# When to Spray after cutting Hay Field?



## whitmerlegacyfarm

So I sprayed some of my grass hay fields I just picked up free lease this year roughly about 2 weeks after I got it baled up. Had milk week starting to come up good, so I sprayed with Crossbow, knocked it out real good, but now things heated back up about 2 weeks later and knew stuff is coming up everywhere. Hay looks good and green still probably 30 days or more out till another cutting being just grass hay...

So my questions is can I go back in and spray these fields again with 2-4,D ester or something stronger? I really want to turn these fields around there a lot of decent hay there, timothy and o grass. Or do I just let it go and bale it up when the time comes?

Do you all try and wait a little longer after your first cuttings to try and let all weeds come on? Is there stuff to spray that would let a residue so to provide a little longer coverage?
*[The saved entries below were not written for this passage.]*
(** [z = x · y], where the boundaries of [x], [y], [z] only agree up to
    (propositional) equality of 1-cells. *)
Definition ceq_vcomp {a b : ob A} {f1 g1 f2 g2 f3 g3 : hom a b}
  (z : cell f3 g3) (x : cell f1 g1) (y : cell f2 g2) : Prop :=
  exists (f g h : hom a b) (x' : cell g h) (y' : cell f g),
    ceq x x' /\ ceq y y' /\ ceq z (vcomp x' y').

Definition invertible {a b : ob A} {f g : hom a b} (x : cell f g) : Prop :=
  exists y : cell g f, vcomp y x = id2 f /\ vcomp x y = id2 g.

Definition is_equivalence {a b : ob A} (f : hom a b) : Prop :=
  exists g : hom b a,
    (exists x : cell (comp1 g f) (id1 a), invertible x) /\
    (exists y : cell (id1 b) (comp1 f g), invertible y).

Definition is_opcomma {e b : ob A} (p : hom e b) (O : ob A) (d0 d1 : hom b O)
  (al : cell (comp1 d1 p) (comp1 d0 p)) : Prop :=
  (forall (y : ob A) (h0 h1 : hom b y) (be : cell (comp1 h1 p) (comp1 h0 p)),
     exists! h : hom O y,
       comp1 h d0 = h0 /\ comp1 h d1 = h1 /\ ceq (hcomp (id2 h) al) be)
  /\
  (forall (y : ob A) (h h' : hom O y) (h0 h1 h0' h1' : hom b y)
     (be : cell (comp1 h1 p) (comp1 h0 p)) (be' : cell (comp1 h1' p) (comp1 h0' p)),
     comp1 h d0 = h0 -> comp1 h d1 = h1 -> ceq (hcomp (id2 h) al) be ->
     comp1 h' d0 = h0' -> comp1 h' d1 = h1' -> ceq (hcomp (id2 h') al) be' ->
     forall (x0 : cell h0 h0') (x1 : cell h1 h1'),
       vcomp (hcomp x0 (id2 p)) be = vcomp be' (hcomp x1 (id2 p)) ->
       exists! x : cell h h',
         ceq (hcomp x (id2 d0)) x0 /\ ceq (hcomp x (id2 d1)) x1).
(* Consider an MILP instance $\min\{\mathbf{c}\mathbf{x} \mid A\mathbf{x}=\mathbf{b},\ \mathbf{l}\le\mathbf{x}\le\mathbf{u},\ \mathbf{x}\in\mathbb{Z}^z\times\mathbb{Q}^q\}$ with $A=(A_{\mathbb{Z}}\ A_{\mathbb{Q}})$, $\mathbf{x}=(\mathbf{x}_{\mathbb{Z}},\mathbf{x}_{\mathbb{Q}})$, $\mathbf{c}=(\mathbf{c}_{\mathbb{Z}},\mathbf{c}_{\mathbb{Q}})$, $\mathbf{l}=(\mathbf{l}_{\mathbb{Z}},\mathbf{l}_{\mathbb{Q}})$, $\mathbf{u}=(\mathbf{u}_{\mathbb{Z}},\mathbf{u}_{\mathbb{Q}})$ split into integer and rational parts, which has an optimal solution, and let $M$ be its fractionality and $\tilde M := M!$. Consider the integralized instance $\min\{(\tilde M\mathbf{c}_{\mathbb{Z}},\mathbf{c}_{\mathbb{Q}})\mathbf{z} \mid (\tilde M A_{\mathbb{Z}}\ A_{\mathbb{Q}})\mathbf{z} = \tilde M\mathbf{b},\ (\mathbf{l}_{\mathbb{Z}},\tilde M\mathbf{l}_{\mathbb{Q}}) \le (\mathbf{z}_{\mathbb{Z}},\mathbf{z}_{\mathbb{Q}}) \le (\mathbf{u}_{\mathbb{Z}},\tilde M\mathbf{u}_{\mathbb{Q}}),\ \mathbf{z}\in\mathbb{Z}^{z+q}\}$. If $\mathbf{z}=(\mathbf{z}_{\mathbb{Z}},\mathbf{z}_{\mathbb{Q}})\in\mathbb{Z}^{z+q}$ is an optimal solution of the integralized instance, then $\mathbf{x}=(\mathbf{z}_{\mathbb{Z}},\frac{1}{\tilde M}\mathbf{z}_{\mathbb{Q}})$ is an optimal solution of the original MILP instance.
   Context: The fractionality of an MILP instance is the minimum, over all optimal solutions $\mathbf{x}$, of the largest denominator among the entries of $\mathbf{x}$ written in lowest terms. *)

From HB Require Import structures.
From mathcomp Require Import all_boot all_order all_algebra.
Set Implicit Arguments. Unset Strict Implicit. Unset Printing Implicit Defensive.
Import Order.TTheory GRing.Theory Num.Theory.
Local Open Scope ring_scope.

(* Bounds may be infinite: [None] stands for -oo (lower) / +oo (upper). *)
Definition lbok (o : option rat) (v : rat) : bool :=
  if o is Some a then a <= v else true.
Definition ubok (o : option rat) (v : rat) : bool :=
  if o is Some a then v <= a else true.

Definition sbound (s : rat) (o : option rat) : option rat := omap (fun a => s * a) o.

(* Feasibility for a mixed program with [z] integer-part variables [xZ]
   and [q] rational-part variables [xQ]:
   AZ xZ + AQ xQ = b, l <= x <= u, xZ integral; if [intQ] is true the
   rational-part variables are also required to be integral
   (this is used for the integralized instance, where z in Z^{z+q}). *)
Definition mfeas (intQ : bool) (m z q : nat)
  (AZ : 'M[rat]_(m, z)) (AQ : 'M[rat]_(m, q)) (b : 'cV[rat]_m)
  (lZ uZ : 'I_z -> option rat) (lQ uQ : 'I_q -> option rat)
  (xZ : 'cV[rat]_z) (xQ : 'cV[rat]_q) : Prop :=
  AZ *m xZ + AQ *m xQ = b /\
  (forall i, xZ i 0 \is a Num.int) /\
  (intQ -> forall j, xQ j 0 \is a Num.int) /\
  (forall i, lbok (lZ i) (xZ i 0) && ubok (uZ i) (xZ i 0)) /\
  (forall j, lbok (lQ j) (xQ j 0) && ubok (uQ j) (xQ j 0)).

Definition mobj (z q : nat) (cZ : 'rV[rat]_z) (cQ : 'rV[rat]_q)
  (xZ : 'cV[rat]_z) (xQ : 'cV[rat]_q) : rat :=
  (cZ *m xZ) 0 0 + (cQ *m xQ) 0 0.

Definition mopt (intQ : bool) (m z q : nat)
  (cZ : 'rV[rat]_z) (cQ : 'rV[rat]_q)
  (AZ : 'M[rat]_(m, z)) (AQ : 'M[rat]_(m, q)) (b : 'cV[rat]_m)
  (lZ uZ : 'I_z -> option rat) (lQ uQ : 'I_q -> option rat)
  (xZ : 'cV[rat]_z) (xQ : 'cV[rat]_q) : Prop :=
  mfeas intQ AZ AQ b lZ uZ lQ uQ xZ xQ /\
  forall yZ yQ, mfeas intQ AZ AQ b lZ uZ lQ uQ yZ yQ ->
    mobj cZ cQ xZ xQ <= mobj cZ cQ yZ yQ.

Definition maxden (z q : nat) (xZ : 'cV[rat]_z) (xQ : 'cV[rat]_q) : nat :=
  maxn (\max_(i < z) absz (denq (xZ i ord0))) (\max_(j < q) absz (denq (xQ j ord0))).

Definition fractionality (m z q : nat)
  (cZ : 'rV[rat]_z) (cQ : 'rV[rat]_q)
  (AZ : 'M[rat]_(m, z)) (AQ : 'M[rat]_(m, q)) (b : 'cV[rat]_m)
  (lZ uZ : 'I_z -> option rat) (lQ uQ : 'I_q -> option rat) (M : nat) : Prop :=
  (exists xZ xQ, mopt false cZ cQ AZ AQ b lZ uZ lQ uQ xZ xQ /\ maxden xZ xQ = M) /\
  (forall xZ xQ, mopt false cZ cQ AZ AQ b lZ uZ lQ uQ xZ xQ -> (M <= maxden xZ xQ)%N).

From mathcomp Require Import all_boot all_order all_algebra.
Import Order.TTheory GRing.Theory Num.Theory.
Local Open Scope ring_scope.

(* Substituting x_Q = s^-1 z_Q with s > 0 maps the feasible set and the
   objective of the instance scaled by s bijectively onto those of the
   original one, multiplying the objective by s.  Since M! clears every
   denominator of an optimal solution of fractionality M, its scaled image
   is integral; so an optimum of the integralized instance is no worse
   than that solution, and its unscaled image is optimal. *)

Lemma dvdn_den_mulr_Qint (x : rat) (k : nat) :
  (`|denq x| %| k)%N -> k%:R * x \is a Num.int.
Proof.
case/dvdnP=> t ->; rewrite natrM -mulrA.
have -> : (`|denq x|%:R : rat) = (denq x)%:~R by rewrite natr_absz normr_denq.
by rewrite (mulrC (denq x)%:~R) -numqE rpredM ?rpred_nat ?rpred_int.
Qed.

Lemma fact_maxden_mulr_Qint (z q : nat) (xZ : 'cV[rat]_z) (xQ : 'cV[rat]_q)
    (n : nat) (j : 'I_q) :
  (maxden xZ xQ <= n)%N -> (n`!)%:R * xQ j 0 \is a Num.int.
Proof.
move=> le_n; apply/dvdn_den_mulr_Qint/dvdn_fact.
rewrite absz_gt0 denq_neq0 /= (leq_trans _ le_n) // leq_max.
have -> : (0 : 'I_1) = ord0 by exact/val_inj.
by rewrite leq_bigmax orbT.
Qed.

Lemma mobj_scale (z q : nat) (s : rat) (cZ : 'rV[rat]_z) (cQ : 'rV[rat]_q)
    (xZ : 'cV[rat]_z) (xQ : 'cV[rat]_q) :
  mobj (s *: cZ) cQ xZ (s *: xQ) = s * mobj cZ cQ xZ xQ.
Proof. by rewrite /mobj -scalemxAl -scalemxAr !mxE mulrDr. Qed.

Lemma mfeas_true (m z q : nat)
    (AZ : 'M[rat]_(m, z)) (AQ : 'M[rat]_(m, q)) (b : 'cV[rat]_m)
    (lZ uZ : 'I_z -> option rat) (lQ uQ : 'I_q -> option rat)
    (xZ : 'cV[rat]_z) (xQ : 'cV[rat]_q) :
  mfeas true AZ AQ b lZ uZ lQ uQ xZ xQ <->
  mfeas false AZ AQ b lZ uZ lQ uQ xZ xQ /\ forall j, xQ j 0 \is a Num.int.
Proof.
split=> [[hA [hZ [hQ hb]]] | [[hA [hZ [_ hb]]] hQ]].
  by split=> //; apply: hQ.
by do 3!split=> //.
Qed.

Section ScaledInstance.

Variable s : rat.
Hypothesis s_gt0 : 0 < s.

Let s_neq0 : s != 0. Proof. by rewrite gt_eqF. Qed.

Lemma lbok_sbound (o : option rat) (v : rat) :
  lbok (sbound s o) (s * v) = lbok o v.
Proof. by case: o => [a|] //=; rewrite ler_pM2l. Qed.

Lemma ubok_sbound (o : option rat) (v : rat) :
  ubok (sbound s o) (s * v) = ubok o v.
Proof. by case: o => [a|] //=; rewrite ler_pM2l. Qed.

Variables (m z q : nat) (cZ : 'rV[rat]_z) (cQ : 'rV[rat]_q).
Variables (AZ : 'M[rat]_(m, z)) (AQ : 'M[rat]_(m, q)) (b : 'cV[rat]_m).
Variables (lZ uZ : 'I_z -> option rat) (lQ uQ : 'I_q -> option rat).

Lemma mfeas_scale (xZ : 'cV[rat]_z) (xQ : 'cV[rat]_q) :
  mfeas false (s *: AZ) AQ (s *: b) lZ uZ
    (fun j => sbound s (lQ j)) (fun j => sbound s (uQ j)) xZ (s *: xQ) <->
  mfeas false AZ AQ b lZ uZ lQ uQ xZ xQ.
Proof.
have eqE : (s *: AZ *m xZ + AQ *m (s *: xQ) = s *: b) <->
           (AZ *m xZ + AQ *m xQ = b).
  rewrite -scalemxAl -scalemxAr -scalerDr.
  by split=> [/(scalerI s_neq0)|->].
have boundsE j : lbok (sbound s (lQ j)) ((s *: xQ) j 0) &&
                 ubok (sbound s (uQ j)) ((s *: xQ) j 0) =
                 lbok (lQ j) (xQ j 0) && ubok (uQ j) (xQ j 0).
  by rewrite mxE lbok_sbound ubok_sbound.
split=> [] [/eqE hA [hZ [_ [hbZ hbQ]]]].
  by do 4!split=> //; move=> j; rewrite -boundsE.
by do 4!split=> //; move=> j; rewrite boundsE.
Qed.

Lemma mopt_unscale (zZ : 'cV[rat]_z) (zQ : 'cV[rat]_q)
    (xZ : 'cV[rat]_z) (xQ : 'cV[rat]_q) :
  mopt false cZ cQ AZ AQ b lZ uZ lQ uQ xZ xQ ->
  (forall j, s * xQ j 0 \is a Num.int) ->
  mopt true (s *: cZ) cQ (s *: AZ) AQ (s *: b)
    lZ uZ (fun j => sbound s (lQ j)) (fun j => sbound s (uQ j)) zZ zQ ->
  mopt false cZ cQ AZ AQ b lZ uZ lQ uQ zZ (s^-1 *: zQ).
Proof.
move=> [x_feas x_min] sxQ_int [/mfeas_true [z_feas _] z_min].
have zQE : zQ = s *: (s^-1 *: zQ) by rewrite scalerA divff // scale1r.
split=> [|yZ yQ y_feas]; first by apply/mfeas_scale; rewrite -zQE.
apply: le_trans (x_min _ _ y_feas).
rewrite -(ler_pM2l s_gt0) -!mobj_scale -zQE.
apply: z_min; apply/mfeas_true; split; first exact/mfeas_scale.
by move=> j; rewrite mxE; apply: sxQ_int.
Qed.

End ScaledInstance.

Theorem lemma4 (m z q : nat)
  (cZ : 'rV[rat]_z) (cQ : 'rV[rat]_q)
  (AZ : 'M[rat]_(m, z)) (AQ : 'M[rat]_(m, q)) (b : 'cV[rat]_m)
  (lZ uZ : 'I_z -> option rat) (lQ uQ : 'I_q -> option rat)
  (M : nat)
  (hopt : exists xZ xQ, mopt false cZ cQ AZ AQ b lZ uZ lQ uQ xZ xQ)
  (hM : fractionality cZ cQ AZ AQ b lZ uZ lQ uQ M)
  (zZ : 'cV[rat]_z) (zQ : 'cV[rat]_q) :
  let Mt : rat := (M`!)%:R in
  mopt true (Mt *: cZ) cQ (Mt *: AZ) AQ (Mt *: b)
       lZ uZ (fun j => sbound Mt (lQ j)) (fun j => sbound Mt (uQ j)) zZ zQ ->
  mopt false cZ cQ AZ AQ b lZ uZ lQ uQ zZ (Mt^-1 *: zQ).
Proof.
move=> Mt; rewrite {}/Mt; have [[xZ [xQ [x_opt x_den]]] _] := hM.
apply: mopt_unscale x_opt _; first by rewrite ltr0n fact_gt0.
by move=> j; apply: (@fact_maxden_mulr_Qint _ _ xZ); rewrite x_den.
Qed.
Thanks all


----------



## Vol

I do spray here when I experience conditions like yours....your 2-4d AMINE dosage will need to be much stronger as weeds and grass toughen up as the summer moves along. I would probably double the 2-4d dosage now or change to a different herbicide altogether. Maybe try pasturegard or another type. But, it is hard to beat the price/value of 2-4d. Quite often many herbs will have about a 4 week waiting period before harvesting for forage....keep this also in mind.

Too hot now for ester...you need amine to keep the spray from volutizing and wandering over in a vapor cloud and killing your neighbors grapes or flowers or whatever they might be growing.... 

Regards, Mike


----------



## mlappin

Jeez, you guys and your free leases. I have one "free" lease mainly because everybody else is scared to mow it.
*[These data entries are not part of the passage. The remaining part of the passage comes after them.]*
Definition Lset (A : nat -> Prop) (x : nat -> R) : Prop :=
  bounded_seq x /\ exists m : nat, A m /\ has_card (accum_pt x) m.

Definition zero_seq : nat -> R := fun _ => 0.

Definition lin_subspace (S : (nat -> R) -> Prop) : Prop :=
  (forall x, S x -> bounded_seq x) /\
  S zero_seq /\
  (forall x y, S x -> S y -> S (fun t => x t + y t)) /\
  (forall (c : R) x, S x -> S (fun t => c * x t)).

Fixpoint lincomb (n : nat) (c : nat -> R) (v : nat -> nat -> R) (t : nat) : R :=
  match n with
  | O => 0
  | S n' => lincomb n' c v t + c n' * v n' t
  end.

Definition lin_indep (n : nat) (v : nat -> nat -> R) : Prop :=
  forall c : nat -> R, (forall t, lincomb n c v t = 0) ->
    forall i, (i < n)%nat -> c i = 0.

Definition inf_dim (S : (nat -> R) -> Prop) : Prop :=
  forall n : nat, exists v : nat -> nat -> R,
    (forall i, (i < n)%nat -> S (v i)) /\ lin_indep n v.

Definition lineable (Y : (nat -> R) -> Prop) : Prop :=
  exists S : (nat -> R) -> Prop,
    lin_subspace S /\ inf_dim S /\ (forall x, S x -> Y x \/ x = zero_seq).

From Stdlib Require Import Reals List Lia Lra FinFun Classical FunctionalExtensionality.
Open Scope R_scope.

(* Encode integers in a mixed radix whose digit ranges grow fast along the
   sequence n: place values P_0 = 1, P_(i+1) = P_i * M_i, with radices
   M_0 = 2 and M_(i+1) = n_(P_(i+1) + 2).  The digit sequences
   v_i(t) = floor(t / P_i) mod M_i are bounded and linearly independent
   (v_j(P_i) is 1 if j = i and 0 otherwise), so their span is an
   infinite-dimensional subspace of l^infty.  A nonzero combination whose top
   nonzero coefficient is c_i is periodic with period P_(i+1), so its
   accumulation points are its finitely many values on one period: their
   number m satisfies M_i <= m <= P_(i+1), the lower bound coming from the
   distinct values k * c_i at t = k * P_i, k < M_i.  Choosing
   K = { P_(j+1) + 1 : j in N }, every such m lies outside all windows
   [n_k, n_(k+1)), k in K.  The file first treats periodic sequences, then
   finite linear combinations and spans, then the mixed-radix construction,
   and derives the theorem at the end. *)

Definition periodic (x : nat -> R) (P : nat) : Prop :=
  forall t, x (t + P)%nat = x t.

Lemma periodic_mul (x : nat -> R) (P : nat) :
  periodic x P -> forall t k, x (t + k * P)%nat = x t.
Proof.
  intros Hper t k; induction k as [|k IH].
  - now rewrite Nat.mul_0_l, Nat.add_0_r.
  - replace (t + S k * P)%nat with (t + k * P + P)%nat by lia.
    now rewrite Hper.
Qed.

Lemma periodic_value_in_period (x : nat -> R) (P : nat) :
  (0 < P)%nat -> periodic x P -> forall t, In (x t) (map x (seq 0 P)).
Proof.
  intros HP Hper t. apply in_map_iff. exists (t mod P)%nat. split.
  - rewrite (Nat.div_mod_eq t P) at 2.
    rewrite Nat.add_comm, Nat.mul_comm. symmetry. apply periodic_mul, Hper.
  - apply in_seq. pose proof (Nat.mod_upper_bound t P). lia.
Qed.

Lemma separated_from_list (l : list R) (a : R) :
  ~ In a l -> exists del, 0 < del /\ forall y, In y l -> del <= Rabs (y - a).
Proof.
  induction l as [|y l IH]; intros Hnin.
  - exists 1. split; [lra | intros y []].
  - destruct IH as [d [Hd Hsep]]; [intros Hin; apply Hnin; now right|].
    assert (Hy : 0 < Rabs (y - a)).
    { apply Rabs_pos_lt. intros E. apply Hnin. left. lra. }
    exists (Rmin d (Rabs (y - a))). split; [now apply Rmin_pos|].
    intros z [<-|Hz]; [apply Rmin_r|].
    eapply Rle_trans; [apply Rmin_l | auto].
Qed.

Lemma periodic_accum_pt (x : nat -> R) (P : nat) :
  (0 < P)%nat -> periodic x P -> forall a, accum_pt x a <-> In a (map x (seq 0 P)).
Proof.
  intros HP Hper a; split.
  - intros [phi [_ Hcv]].
    destruct (in_dec Req_EM_T a (map x (seq 0 P))) as [Hin|Hnin]; auto.
    destruct (separated_from_list _ a Hnin) as [del [Hdel Hsep]].
    destruct (Hcv del Hdel) as [N HN]. specialize (HN N (le_n N)).
    specialize (Hsep _ (periodic_value_in_period x P HP Hper (phi N))).
    unfold R_dist in HN. lra.
  - intros Hin. apply in_map_iff in Hin. destruct Hin as [t0 [<- _]].
    exists (fun k => t0 + k * P)%nat. split; [intros k; nia|].
    intros eps Heps. exists 0%nat. intros k _. unfold R_dist.
    rewrite (periodic_mul x P Hper), Rminus_diag, Rabs_R0. lra.
Qed.

Lemma periodic_accum_card (x : nat -> R) (P : nat) :
  (0 < P)%nat -> periodic x P ->
  exists m, has_card (accum_pt x) m /\ (m <= P)%nat /\
    forall l, NoDup l -> (forall a, In a l -> exists t, x t = a) -> (length l <= m)%nat.
Proof.
  intros HP Hper.
  set (vals := nodup Req_EM_T (map x (seq 0 P))).
  exists (length vals). split; [|split].
  - exists vals. split; [apply NoDup_nodup | split; [reflexivity|]].
    intros a. rewrite (periodic_accum_pt x P HP Hper). unfold vals.
    now rewrite nodup_In.
  - assert (Hincl : incl vals (map x (seq 0 P))).
    { intros y Hy. unfold vals in Hy. now apply nodup_In in Hy. }
    pose proof (NoDup_incl_length (NoDup_nodup Req_EM_T _) Hincl) as Hlen.
    fold vals in Hlen. now rewrite length_map, length_seq in Hlen.
  - intros l Hnd Hvals. apply NoDup_incl_length; [exact Hnd|].
    intros a Ha. destruct (Hvals a Ha) as [t <-]. unfold vals.
    apply nodup_In, (periodic_value_in_period x P HP Hper).
Qed.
Dad had one free lease, mainly to keep the weeds down, drainage was so bad and it had so many snags where they just left the trees grow in the wet spots that even free, it was hard to break even.


----------



## PaCustomBaler

Whitmer,

This thread is pretty old so don't know if this would be of help. From my experience with milkweed and hemp dogbane (both very similar weeds located in PA), apply a mix of 2,4-D and Banvel or Crossbow right before the first frost. Maybe throw a little N in with it. This makes the plant think it's getting fed, but it is also the time of year when the grass nutrients are being sent back down to the roots in preparation for winter. Thus, you want the foliar spray to be absorbed by the weeds, sent down the stem, and into the roots for a good kill.


----------